However, eea_free_rxtx_q_mem operates on enet->rx and enet->tx, not on
ctx->rx and ctx->tx. When bind fails, the resources remain in ctx and are
never transferred to enet. The function eea_free_rxtx_q_mem will either free
old queues if the device was previously opened, or do nothing if enet->rx
and enet->tx are NULL (first open). In either case, the newly allocated
ctx->rx and ctx->tx are leaked.

The allocated resources include ring buffers, DMA allocations, page pools,
and NAPI structures.

> +
> +	return err;
> +}

[ ... ]

> +static int eea_reset_hw_resources(struct eea_net *enet)
> +{
> +	struct eea_net_init_ctx ctx;
> +	int err;
> +
> +	enet_init_ctx(enet, &ctx);
> +
> +	err = eea_alloc_rxtx_q_mem(&ctx);
> +	if (err)
> +		return err;
> +
> +	eea_netdev_stop(enet->netdev);
> +
> +	/* We skip resource cleanup on error paths in this function. Resources
> +	 * are deferred for later teardown when the netdev is closed or the
> +	 * driver unloads. This approach is deliberate: it simplifies the error
> +	 * handling and avoids the complexity of undoing partial operations
> +	 * during recovery.
> +	 */
> +
> +	err = enet_bind_new_q_and_cfg(enet, &ctx);
> +	if (err) {
> +		netdev_err(enet->netdev,
> +			   "eea reset: bind new queues failed. err %d\n",
> +			   err);
> +
> +		return err;

Does this code leak the newly allocated queues when enet_bind_new_q_and_cfg
fails?

The function allocates new queue resources in ctx at line 277 via
eea_alloc_rxtx_q_mem(&ctx), then calls eea_netdev_stop at line 285 which
frees the OLD enet->rx and enet->tx and sets them to NULL. When
enet_bind_new_q_and_cfg fails at line 294, it returns early without
transferring ownership of ctx->rx and ctx->tx to enet.

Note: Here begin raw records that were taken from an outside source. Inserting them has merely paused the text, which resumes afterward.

(* Let $(X,d)$ be a pseudometric space of diameter at most 1 and let $\phi:(X,d)\to(\bar X,\bar d)$ be its metric completion (so $\bar X$ is the set of equivalence classes of Cauchy sequences in $X$, with $(x_n)\sim(y_n)$ iff $\lim_n d(x_n,y_n)=0$, $\bar d((x_n),(y_n))=\lim_n d(x_n,y_n)$, and $\phi(x)$ the class of the constant sequence). Then $G(\phi)$ is an isomorphism in $\mathrm{ER}(\mathbf U)$, where $G:\mathbf{pMet}_1\to\mathrm{ER}(\mathbf U)$ is given by $G(X,d)=(X,d)$ and $G(f)=[(x,y)\mapsto d(f(x),y)]$.
   Context: $\mathbf{pMet}_1$: pseudometric spaces with all distances $\le 1$ and uniformly continuous maps. For functions $\alpha,\beta:Z\to[0,1]$ write $\alpha\sqsubseteq\beta$ if for every $\varepsilon>0$ there exists $\delta>0$ such that for all $z\in Z$, $\alpha(z)\le\delta$ implies $\beta(z)\le\varepsilon$. The category $\mathrm{ER}(\mathbf U)$: objects are pairs $(X,R)$ with $X$ a set and $R:X\times X\to[0,1]$ such that $R(x,x)=0$ for all $x$, $R(x,y)\sqsubseteq R(y,x)$ as functions of $(x,y)$, and $\max(R(x,y),R(y,z))\sqsubseteq R(x,z)$ as functions of $(x,y,z)$. A functional relation $(X,R)\to(Y,S)$ is a function $F:X\times Y\to[0,1]$ with $\max(F(x,y),R(x,x'),S(y,y'))\sqsubseteq F(x',y')$ as functions of $(x,x',y,y')$, $\max(F(x,y),F(x,y'))\sqsubseteq S(y,y')$ as functions of $(x,y,y')$, and $\inf_{y\in Y}F(x,y)=0$ for all $x$. Morphisms are equivalence classes $[F]$ of functional relations, with $F\sim F'$ iff $F\sqsubseteq F'$ as functions on $X\times Y$; identity $[R]$; composite of $[F]$ and $[H]$ is $[(x,z)\mapsto\inf_y\max(F(x,y),H(y,z))]$. *)

From Stdlib Require Import Reals Lra ClassicalEpsilon.
From Coquelicot Require Import Coquelicot.
Open Scope R_scope.

Definition sqsub {Z : Type} (a b : Z -> R) : Prop :=
  forall eps, 0 < eps -> exists delta, 0 < delta /\
    forall z, a z <= delta -> b z <= eps.

(** infimum over a type, as an extended real (+oo for empty index type) *)
Definition inf_Rbar {A : Type} (f : A -> R) : Rbar :=
  Glb_Rbar (fun r => exists a, r = f a).

Definition ER_obj (X : Type) (Rel : X -> X -> R) : Prop :=
  (forall x y, 0 <= Rel x y <= 1) /\
  (forall x, Rel x x = 0) /\
  sqsub (fun p : X * X => Rel (fst p) (snd p)) (fun p => Rel (snd p) (fst p)) /\
  sqsub (fun t : X * X * X => Rmax (Rel (fst (fst t)) (snd (fst t))) (Rel (snd (fst t)) (snd t)))
        (fun t => Rel (fst (fst t)) (snd t)).

Definition functional_rel {X Y : Type} (Rel : X -> X -> R) (S : Y -> Y -> R)
    (F : X -> Y -> R) : Prop :=
  (forall x y, 0 <= F x y <= 1) /\
  sqsub (fun t : X * X * Y * Y =>
           let '(x, x', y, y') := t in Rmax (F x y) (Rmax (Rel x x') (S y y')))
        (fun t => let '(x, x', y, y') := t in F x' y') /\
  sqsub (fun t : X * Y * Y => let '(x, y, y') := t in Rmax (F x y) (F x y'))
        (fun t => let '(x, y, y') := t in S y y') /\
  (forall x, inf_Rbar (fun y => F x y) = Finite 0).

Definition rel_equiv {X Y : Type} (F F' : X -> Y -> R) : Prop :=
  sqsub (fun p : X * Y => F (fst p) (snd p)) (fun p => F' (fst p) (snd p)).

Definition rel_comp {X Y Z : Type} (F : X -> Y -> R) (H : Y -> Z -> R) : X -> Z -> R :=
  fun x z => real (inf_Rbar (fun y => Rmax (F x y) (H y z))).

Definition ER_iso {X Y : Type} (Rel : X -> X -> R) (S : Y -> Y -> R)
    (F : X -> Y -> R) : Prop :=
  functional_rel Rel S F /\
  exists H : Y -> X -> R, functional_rel S Rel H /\
    rel_equiv (rel_comp F H) Rel /\ rel_equiv (rel_comp H F) S.

Record PMet1 := {
  pm_car :> Type;
  pm_d : pm_car -> pm_car -> R;
  pm_d_bound : forall x y, 0 <= pm_d x y <= 1;
  pm_d_refl : forall x, pm_d x x = 0;
  pm_d_sym : forall x y, pm_d x y = pm_d y x;
  pm_d_tri : forall x y z, pm_d x z <= pm_d x y + pm_d y z
}.

Definition G_map {X Y : Type} (dY : Y -> Y -> R) (f : X -> Y) : X -> Y -> R :=
  fun x y => dY (f x) y.

Section Completion.
Variable X : PMet1.

Definition cauchy_seq (u : nat -> X) : Prop :=
  forall eps, 0 < eps -> exists N, forall m n, (N <= m)%nat -> (N <= n)%nat ->
    pm_d X (u m) (u n) < eps.

Definition cls (u : nat -> X) : (nat -> X) -> Prop :=
  fun v => cauchy_seq v /\ is_lim_seq (fun n => pm_d X (u n) (v n)) 0.

Definition Xbar : Type :=
  { P : (nat -> X) -> Prop | exists u, cauchy_seq u /\ P = cls u }.

Definition rep (p : Xbar) : nat -> X :=
  proj1_sig (constructive_indefinite_description _ (proj2_sig p)).

Definition dbar (p q : Xbar) : R :=
  real (Lim_seq (fun n => pm_d X (rep p n) (rep q n))).

Lemma const_cauchy (x : X) : cauchy_seq (fun _ => x).
Proof. intros eps He; exists 0%nat; intros; rewrite pm_d_refl; lra. Qed.

Definition phi (x : X) : Xbar :=
  exist _ (cls (fun _ => x)) (ex_intro _ (fun _ => x) (conj (const_cauchy x) eq_refl)).

End Completion.

From Stdlib Require Import Reals Lra Lia ClassicalEpsilon.
From Coquelicot Require Import Coquelicot.
Open Scope R_scope.

(** The proof factors through a general statement: if [f : X -> Y] is an
    isometry between objects of pMet_1 whose image is dense, then
    G(f) = [(x,y) |-> d_Y(f x, y)] is an isomorphism in ER(U), with inverse
    [(y,x) |-> d_Y(y, f x)].  Every axiom of a functional relation, and both
    equivalences of composites with identities, reduce to inequalities of the
    form "b <= c * a", which give a ⊑ b with delta = eps / c; the triangle
    inequality supplies them, density gives the infimum condition of the
    inverse, and the infimum defining a composite is bounded below by half the
    distance between its endpoints. *)

Lemma sqsub_of_lin_bound {Z : Type} (a b : Z -> R) (c : R) :
  0 < c -> (forall z, b z <= c * a z) -> sqsub a b.
Proof.
  intros Hc Hb eps He. exists (eps / c). split.
  - apply Rdiv_lt_0_compat; assumption.
  - intros z Hz. apply Rle_trans with (c * a z); [apply Hb|].
    apply Rmult_le_compat_l with (r := c) in Hz; [|lra].
    replace (c * (eps / c)) with eps in Hz by (field; lra). exact Hz.
Qed.

Lemma Rplus_le_2Rmax (a b : R) : a + b <= 2 * Rmax a b.
Proof. pose proof (Rmax_l a b); pose proof (Rmax_r a b); lra. Qed.

Lemma Rplus3_le_3Rmax (a b c : R) : a + b + c <= 3 * Rmax a (Rmax b c).
Proof.
  pose proof (Rmax_l a (Rmax b c)); pose proof (Rmax_r a (Rmax b c)).
  pose proof (Rmax_l b c); pose proof (Rmax_r b c); lra.
Qed.

Lemma inf_Rbar_eq_0 {A : Type} (f : A -> R) :
  (forall a, 0 <= f a) -> (forall eps, 0 < eps -> exists a, f a <= eps) ->
  inf_Rbar f = Finite 0.
Proof.
  intros Hpos Hsmall. unfold inf_Rbar.
  destruct (Glb_Rbar_correct (fun r => exists a, r = f a)) as [Hlb Hglb].
  assert (Hge : Rbar_le (Finite 0) (Glb_Rbar (fun r => exists a, r = f a))).
  { apply Hglb. intros r [a ->]. apply Hpos. }
  assert (Hle : forall eps, 0 < eps ->
            Rbar_le (Glb_Rbar (fun r => exists a, r = f a)) (Finite eps)).
  { intros eps He. destruct (Hsmall eps He) as [a Ha].
    apply Rbar_le_trans with (Finite (f a)); [apply Hlb; exists a; reflexivity | exact Ha]. }
  destruct (Glb_Rbar _) as [m | |]; simpl in *.
  - f_equal. destruct (Rle_or_lt m 0) as [Hm | Hm]; [lra|].
    specialize (Hle (m / 2) ltac:(lra)). simpl in Hle. lra.
  - exact (False_ind _ (Hle 1 Rlt_0_1)).
  - contradiction.
Qed.

Lemma inf_Rbar_lower {A : Type} (f : A -> R) (a0 : A) (m : R) :
  (forall a, m <= f a) -> m <= real (inf_Rbar f).
Proof.
  intros Hm. unfold inf_Rbar.
  destruct (Glb_Rbar_correct (fun r => exists a, r = f a)) as [Hlb Hglb].
  assert (Hge : Rbar_le (Finite m) (Glb_Rbar (fun r => exists a, r = f a))).
  { apply Hglb. intros r [a ->]. apply Hm. }
  assert (Hle : Rbar_le (Glb_Rbar (fun r => exists a, r = f a)) (Finite (f a0))).
  { apply Hlb. exists a0. reflexivity. }
  destruct (Glb_Rbar _); simpl in *; tauto.
Qed.

Lemma pm_d_tri3 (Z : PMet1) (p q r s : Z) :
  pm_d Z p s <= pm_d Z p q + pm_d Z q r + pm_d Z r s.
Proof. pose proof (pm_d_tri Z p q s); pose proof (pm_d_tri Z q r s); lra. Qed.

Lemma composite_half_lower (Z : PMet1) {A : Type} (g : A -> Z) (a0 : A) (p q : Z) :
  pm_d Z p q / 2 <= real (inf_Rbar (fun a => Rmax (pm_d Z p (g a)) (pm_d Z (g a) q))).
Proof.
  apply (inf_Rbar_lower _ a0). intros a.
  pose proof (pm_d_tri Z p (g a) q). pose proof (Rplus_le_2Rmax (pm_d Z p (g a)) (pm_d Z (g a) q)).
  lra.
Qed.

Section NonexpansiveMap.
Variables (X Y : PMet1) (f : X -> Y).
Hypothesis f_nonexpansive : forall x x', pm_d Y (f x) (f x') <= pm_d X x x'.

Lemma G_map_functional : functional_rel (pm_d X) (pm_d Y) (G_map (pm_d Y) f).
Proof.
  unfold G_map. split; [|split; [|split]].
  - intros; apply pm_d_bound.
  - apply (sqsub_of_lin_bound _ _ 3); [lra|]. intros [[[x x'] y] y']; cbn.
    pose proof (pm_d_tri3 Y (f x') (f x) y y'). pose proof (pm_d_sym Y (f x') (f x)).
    pose proof (f_nonexpansive x x').
    pose proof (Rplus3_le_3Rmax (pm_d Y (f x) y) (pm_d X x x') (pm_d Y y y')). lra.
  - apply (sqsub_of_lin_bound _ _ 2); [lra|]. intros [[x y] y']; cbn.
    pose proof (pm_d_tri Y y (f x) y'). pose proof (pm_d_sym Y y (f x)).
    pose proof (Rplus_le_2Rmax (pm_d Y (f x) y) (pm_d Y (f x) y')). lra.
  - intros x. apply inf_Rbar_eq_0; [intros; apply pm_d_bound|].
    intros eps He. exists (f x). rewrite pm_d_refl. lra.
Qed.
End NonexpansiveMap.

(** The candidate inverse of G(f): [(y,x) |-> d_Y(y, f x)]. *)
Definition co_G_map {X Y : Type} (dY : Y -> Y -> R) (f : X -> Y) : Y -> X -> R :=
  fun y x => dY y (f x).

Section DenseIsometry.
Variables (X Y : PMet1) (f : X -> Y).
Hypothesis f_isometry : forall x x', pm_d Y (f x) (f x') = pm_d X x x'.
Hypothesis f_dense : forall y eps, 0 < eps -> exists x, pm_d Y y (f x) <= eps.

Lemma co_G_map_functional : functional_rel (pm_d Y) (pm_d X) (co_G_map (pm_d Y) f).
Proof.
  unfold co_G_map. split; [|split; [|split]].
  - intros; apply pm_d_bound.
  - apply (sqsub_of_lin_bound _ _ 3); [lra|]. intros [[[q q'] x] x']; cbn.
    pose proof (pm_d_tri3 Y q' q (f x) (f x')). pose proof (pm_d_sym Y q' q).
    pose proof (f_isometry x x').
    pose proof (Rplus3_le_3Rmax (pm_d Y q (f x)) (pm_d Y q q') (pm_d X x x')). lra.
  - apply (sqsub_of_lin_bound _ _ 2); [lra|]. intros [[q x] x']; cbn.
    pose proof (pm_d_tri Y (f x) q (f x')). pose proof (pm_d_sym Y (f x) q).
    pose proof (f_isometry x x').
    pose proof (Rplus_le_2Rmax (pm_d Y q (f x)) (pm_d Y q (f x'))). lra.
  - intros q. apply inf_Rbar_eq_0; [intros; apply pm_d_bound | exact (f_dense q)].
Qed.

Lemma dense_isometry_iso : ER_iso (pm_d X) (pm_d Y) (G_map (pm_d Y) f).
Proof.
  split.
  - apply G_map_functional. intros x x'. rewrite f_isometry. lra.
  - exists (co_G_map (pm_d Y) f). split; [apply co_G_map_functional | split].
    + apply (sqsub_of_lin_bound _ _ 2); [lra|]. intros [x x']; cbn.
      pose proof (composite_half_lower Y (fun y => y) (f x) (f x) (f x')).
      rewrite f_isometry in H. unfold rel_comp, G_map, co_G_map. lra.
    + apply (sqsub_of_lin_bound _ _ 2); [lra|]. intros [q q']; cbn.
      destruct (f_dense q 1 Rlt_0_1) as [x0 _].
      pose proof (composite_half_lower Y f x0 q q').
      unfold rel_comp, G_map, co_G_map. lra.
Qed.
End DenseIsometry.

Lemma lim_le (u v : nat -> R) (lu lv : R) :
  (forall n, u n <= v n) -> is_lim_seq u lu -> is_lim_seq v lv -> lu <= lv.
Proof. intros Huv Hu Hv. exact (is_lim_seq_le u v lu lv Huv Hu Hv). Qed.

Section CompletionSpace.
Variable X : PMet1.
Notation d := (pm_d X).
Notation D := (dbar X).

Lemma rep_spec (p : Xbar X) : cauchy_seq X (rep X p) /\ proj1_sig p = cls X (rep X p).
Proof. unfold rep. destruct (constructive_indefinite_description _ _). exact a. Qed.

Lemma dist_seq_ex_lim (u v : nat -> X) :
  cauchy_seq X u -> cauchy_seq X v -> ex_finite_lim_seq (fun n => d (u n) (v n)).
Proof.
  intros Hu Hv. apply ex_lim_seq_cauchy_corr. intros [eps He]; cbn.
  destruct (Hu (eps / 2) ltac:(lra)) as [N1 H1].
  destruct (Hv (eps / 2) ltac:(lra)) as [N2 H2].
  exists (Nat.max N1 N2). intros n m Hn Hm.
  specialize (H1 n m ltac:(lia) ltac:(lia)). specialize (H2 n m ltac:(lia) ltac:(lia)).
  pose proof (pm_d_tri3 X (u n) (u m) (v m) (v n)).
  pose proof (pm_d_tri3 X (u m) (u n) (v n) (v m)).
  pose proof (pm_d_sym X (u m) (u n)). pose proof (pm_d_sym X (v m) (v n)).
  apply Rabs_def1; lra.
Qed.

Lemma dbar_lim (p q : Xbar X) : is_lim_seq (fun n => d (rep X p n) (rep X q n)) (D p q).
Proof.
  destruct (dist_seq_ex_lim _ _ (proj1 (rep_spec p)) (proj1 (rep_spec q))) as [l Hl].
  unfold dbar. rewrite (is_lim_seq_unique _ _ Hl). exact Hl.
Qed.

Lemma dbar_bound (p q : Xbar X) : 0 <= D p q <= 1.
Proof.
  split.
  - apply (lim_le (fun _ => 0) _ _ _ (fun n => proj1 (pm_d_bound X _ _))
             (is_lim_seq_const 0) (dbar_lim p q)).
  - apply (lim_le _ (fun _ => 1) _ _ (fun n => proj2 (pm_d_bound X _ _))
             (dbar_lim p q) (is_lim_seq_const 1)).
Qed.

Lemma dbar_refl (p : Xbar X) : D p p = 0.
Proof.
  assert (D p p <= 0).
  { apply (lim_le _ (fun _ => 0) _ _ (fun n => Req_le _ _ (pm_d_refl X _))
             (dbar_lim p p) (is_lim_seq_const 0)). }
  pose proof (dbar_bound p p). lra.
Qed.

Lemma dbar_sym (p q : Xbar X) : D p q = D q p.
Proof.
  apply Rle_antisym; eapply lim_le; try apply dbar_lim;
    intros n; cbn; rewrite pm_d_sym; lra.
Qed.

Lemma dbar_tri (p q r : Xbar X) : D p r <= D p q + D q r.
Proof.
  apply (lim_le _ _ _ _ (fun n => pm_d_tri X (rep X p n) (rep X q n) (rep X r n))
           (dbar_lim p r)).
  apply is_lim_seq_plus'; apply dbar_lim.
Qed.

Definition completion : PMet1 :=
  {| pm_car := Xbar X; pm_d := D; pm_d_bound := dbar_bound; pm_d_refl := dbar_refl;
     pm_d_sym := dbar_sym; pm_d_tri := dbar_tri |}.

Lemma rep_phi (x : X) : is_lim_seq (fun n => d x (rep X (phi X x) n)) 0.
Proof.
  destruct (rep_spec (phi X x)) as [Hc Hcls]. cbn in Hcls.
  assert (Hself : cls X (rep X (phi X x)) (rep X (phi X x))).
  { split; [exact Hc|]. apply (is_lim_seq_ext (fun _ => 0)); [|apply is_lim_seq_const].
    intros n. rewrite pm_d_refl. reflexivity. }
  rewrite <- Hcls in Hself. exact (proj2 Hself).
Qed.

Lemma phi_isometry (x y : X) : D (phi X x) (phi X y) = d x y.
Proof.
  pose proof (dbar_lim (phi X x) (phi X y)) as HD.
  pose proof (rep_phi x) as Hx. pose proof (rep_phi y) as Hy.
  set (v := rep X (phi X x)) in *. set (w := rep X (phi X y)) in *.
  apply Rle_antisym.
  - replace (d x y) with (0 + d x y + 0) by lra.
    apply (lim_le _ _ _ _ (fun n => pm_d_tri3 X (v n) x y (w n)) HD).
    apply is_lim_seq_plus'; [apply is_lim_seq_plus'|]; [|apply is_lim_seq_const| exact Hy].
    apply (is_lim_seq_ext (fun n => d x (v n))); [intros; apply pm_d_sym | exact Hx].
  - replace (D (phi X x) (phi X y)) with (0 + D (phi X x) (phi X y) + 0) by lra.
    apply (lim_le _ _ _ _ (fun n => pm_d_tri3 X x (v n) (w n) y) (is_lim_seq_const _)).
    apply is_lim_seq_plus'; [apply is_lim_seq_plus'; [exact Hx | exact HD]|].
    apply (is_lim_seq_ext (fun n => d y (w n))); [intros; apply pm_d_sym | exact Hy].
Qed.

(** Every point of the completion is approached by [phi] of a tail point of
    its representative. *)
Lemma phi_dense (p : Xbar X) (eps : R) : 0 < eps -> exists x, D p (phi X x) <= eps.
Proof.
  intros He. destruct (proj1 (rep_spec p) eps He) as [N HN].
  set (u := rep X p) in *. exists (u N).
  set (w := rep X (phi X (u N))).
  replace eps with (eps + 0) by lra.
  change (Rbar_le (D p (phi X (u N))) (eps + 0)).
  apply (is_lim_seq_le_loc (fun n => d (u n) (w n)) (fun n => eps + d (u N) (w n))).
  - exists N. intros n Hn. specialize (HN n N Hn (Nat.le_refl N)).
    pose proof (pm_d_tri X (u n) (u N) (w n)). lra.
  - apply dbar_lim.
  - apply is_lim_seq_plus'; [apply is_lim_seq_const | apply rep_phi].
Qed.

End CompletionSpace.

Theorem mainTheorem10 (X : PMet1) :
  ER_iso (pm_d X) (dbar X) (G_map (dbar X) (phi X)).
Proof.
  exact (dense_isometry_iso X (completion X) (phi X) (phi_isometry X) (phi_dense X)).
Qed.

The error path at line 300 returns without freeing the newly allocated
ctx->rx and ctx->tx, causing a memory leak. These resources include ring
buffers, DMA allocations, page pools, and NAPI structures.

The ctx variable is stack-allocated, so when the function returns, the
pointers ctx->rx and ctx->tx are lost forever, orphaning the allocated
memory.

> +	}
> +
> +	err = eea_active_ring_and_irq(enet);
> +	if (err) {
> +		netdev_err(enet->netdev,
> +			   "eea reset: active new ring and irq failed. err %d\n",
> +			   err);
> +		return err;

Does this code leak the newly allocated queues when eea_active_ring_and_irq
fails?

In this scenario:
1. New queues allocated in ctx at line 277
2. Old queues freed by eea_netdev_stop at line 285
3. enet_bind_new_q_and_cfg succeeds at line 294, transferring ctx->rx and
   ctx->tx to enet->rx and enet->tx
4. eea_active_ring_and_irq fails at line 303
5. Function returns at line 308 without freeing enet->rx and enet->tx

The newly allocated and transferred resources remain in enet->rx and
enet->tx but are never freed. The comment at lines 287-292 claims resources
are deferred for cleanup, but there is no mechanism to track these orphaned
resources for later cleanup.

> +	}
> +
> +	eea_start_rxtx(enet);
> +
> +	return 0;
> +}

[ ... ]

> diff --git a/drivers/net/ethernet/alibaba/eea/eea_pci.c b/drivers/net/ethernet/alibaba/eea/eea_pci.c
> index 8e9dd0f06f64..bf1b7e68fa45 100644
> --- a/drivers/net/ethernet/alibaba/eea/eea_pci.c
> +++ b/drivers/net/ethernet/alibaba/eea/eea_pci.c

[ ... ]

> @@ -336,6 +507,8 @@ static int eea_pci_probe(struct pci_dev *pci_dev, const struct pci_device_id *e
> +
> +	ep_dev->pci_dev = pci_dev;
> +	mutex_init(&edev->ha_lock);
> +	err = __eea_pci_probe(pci_dev, ep_dev);

This isn't a bug, but should mutex_destroy() be called for ha_lock?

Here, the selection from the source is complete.